Markdown import is the cleanest migration path — the format translates directly to Topicary's editor with minimal loss.

  1. Organize files first. The folder structure becomes the map hierarchy when you check "Create a map from folder structure." Arrange folders and files in the order you want before importing.

  2. Check image references. Local image paths (./images/screenshot.png) are preserved as URLs but the image files are not uploaded. Use absolute URLs or plan to re-upload images after import.

  3. Use YAML frontmatter for titles. If your Markdown files include title: in YAML frontmatter, Topicary uses that as the topic title. Otherwise it falls back to the first H1 heading, then the filename.

Import files

  1. Go to Topics in the sidebar.

  2. Click Import, or drag Markdown files directly onto the page.

  3. In the import dialog, select .md or .markdown files.

  4. Preview cards appear showing the extracted title, format badge, and a content snippet.

  5. Click Import to create topics.

How titles are extracted

Topicary checks for a title in this order:

  1. YAML frontmatter title field

  2. The first # H1 heading in the content

  3. The filename (without extension)

Here is an example showing how Topicary extracts the title from YAML frontmatter:

---
title: Configure single sign-on
description: This field is ignored during import.
author: Jane Smith
---

# Configure single sign-on

Follow these steps to enable SSO for your organization.

In this example, Topicary uses the frontmatter title value ("Configure single sign-on") as the topic title.

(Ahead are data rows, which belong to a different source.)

(* Let $(\mathcal C,\Delta,\delta,\beta,* )$ be a braided $*$-coalgebra and let $M,K:\mathcal C\otimes\mathcal C\to\mathbb C$ be linear (bilinear forms), with $M$ $\beta$-invariant. Then $\widetilde{M\star K}=\widetilde M\circledast\widetilde K$, where $M\star K=(M\otimes K)\circ\Lambda$ and $\circledast$ is the convolution of sesquilinear forms defined below.
   Context: Braided $*$-coalgebra: coassociative counital coalgebra $(\mathcal C,\Delta,\delta)$ with $\beta\in\mathrm{Aut}(\mathcal C\otimes\mathcal C)$ satisfying the braid equation $(\beta\otimes\mathrm{id})(\mathrm{id}\otimes\beta)(\beta\otimes\mathrm{id})=(\mathrm{id}\otimes\beta)(\beta\otimes\mathrm{id})(\mathrm{id}\otimes\beta)$, such that $(\Delta\otimes\mathrm{id})\beta=(\mathrm{id}\otimes\beta)(\beta\otimes\mathrm{id})(\mathrm{id}\otimes\Delta)$, $(\mathrm{id}\otimes\Delta)\beta=(\beta\otimes\mathrm{id})(\mathrm{id}\otimes\beta)(\Delta\otimes\mathrm{id})$, $(\delta\otimes\mathrm{id})\beta=\mathrm{id}\otimes\delta$, $(\mathrm{id}\otimes\delta)\beta=\delta\otimes\mathrm{id}$, together with an antilinear involution $*$ such that $\Delta\circ*=\beta\circ( *\otimes* )\circ\tau\circ\Delta$, $\delta(c^* )=\overline{\delta(c)}$, and $\beta\circ( *\otimes* )\circ\tau=( *\otimes* )\circ\tau\circ\beta^{-1}$, $\tau$ the flip. $\Lambda:=(\mathrm{id}\otimes\beta\otimes\mathrm{id})(\Delta\otimes\Delta)$. A functional $M$ on $\mathcal C\otimes\mathcal C$ is $\beta$-invariant if $(M\otimes\mathrm{id})\circ(\mathrm{id}\otimes\beta)\circ(\beta\otimes\mathrm{id})=\mathrm{id}\otimes M$ on $\mathcal C^{\otimes3}$. The conjugate space $\overline{\mathcal C}=\{\bar c:c\in\mathcal C\}$ has operations $\bar v+\lambda\bar w:=\overline{v+\bar\lambda w}$; write $\overline{a\otimes b}:=\bar a\otimes\bar b$ and define $\overline\Delta:\overline{\mathcal C}\to\overline{\mathcal C}\otimes\overline{\mathcal C}$ by $\overline\Delta(\bar c)=\overline{\Delta(c)}$. A sesquilinear form is a linear map $\overline{\mathcal C}\otimes\mathcal C\to\mathbb C$; for a bilinear form $K$ put $\widetilde K(\bar a\otimes b):=K(a^*\otimes b)$. For sesquilinear forms $P,Q$: $P\circledast Q:=(P\otimes Q)\circ(\mathrm{id}\otimes\tau\otimes\mathrm{id})\circ(\overline\Delta\otimes\Delta)$. *)

(* Braided *-coalgebras, modelled over an arbitrary
   numClosedFieldType F (e.g. the complex numbers), with tensor products
   given abstractly by their universal property. *)
From HB Require Import structures.
From mathcomp Require Import all_boot all_algebra.
From Stdlib Require Import ClassicalEpsilon.
Set Implicit Arguments. Unset Strict Implicit. Unset Printing Implicit Defensive.
Import GRing.Theory Num.Theory.
Local Open Scope ring_scope.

The description and author fields are ignored — only title is extracted.

Only the title field from YAML frontmatter is used during import. All other frontmatter fields (description, author, tags, custom metadata) are silently ignored. If you need that metadata in Topicary, apply it manually using tags or custom fields after import.

What's preserved

  • Headings (H1–H6)

  • Bold, italic, strikethrough, inline code

  • Bullet lists, ordered lists, task lists

  • Tables

  • Code blocks with language hints

  • Blockquotes

  • Images (as URLs — local image paths are not uploaded)

  • Links

Import multiple files with structure

When importing multiple files at once, check "Create a map from folder structure" to preserve the directory hierarchy as a map. Subdirectories become nested sections.

Before importing a folder of Markdown files, arrange the files and subfolders in your desired order. Topicary uses alphabetical ordering from the filesystem, so prefixing filenames with numbers (e.g., 01-getting-started.md, 02-configuration.md) gives you control over the initial map order.

What's not preserved

  • Local image file paths — the reference is kept but the image file itself is not uploaded; use absolute URLs or re-upload after import

  • YAML frontmatter fields other than title — custom metadata fields are ignored

  • HTML blocks embedded in Markdown — raw HTML may not render as expected; review after import

  • Custom Markdown extensions (admonitions, callout syntax, math blocks from specific renderers) — only standard CommonMark and GFM syntax is supported

Limits

  • Maximum file size: 5 MB per file

  • Maximum archive size: 50 MB (200 MB decompressed)

Post-import checklist

  1. Review imported topics for formatting accuracy — most Markdown transfers cleanly.

  2. Re-upload any images that used local file paths.

  3. If you imported a folder structure as a map, check the hierarchy and adjust ordering.

  4. Identify repeated content across topics and extract it into Topicary components for single-source reuse.

  5. Publish a test target and review the output.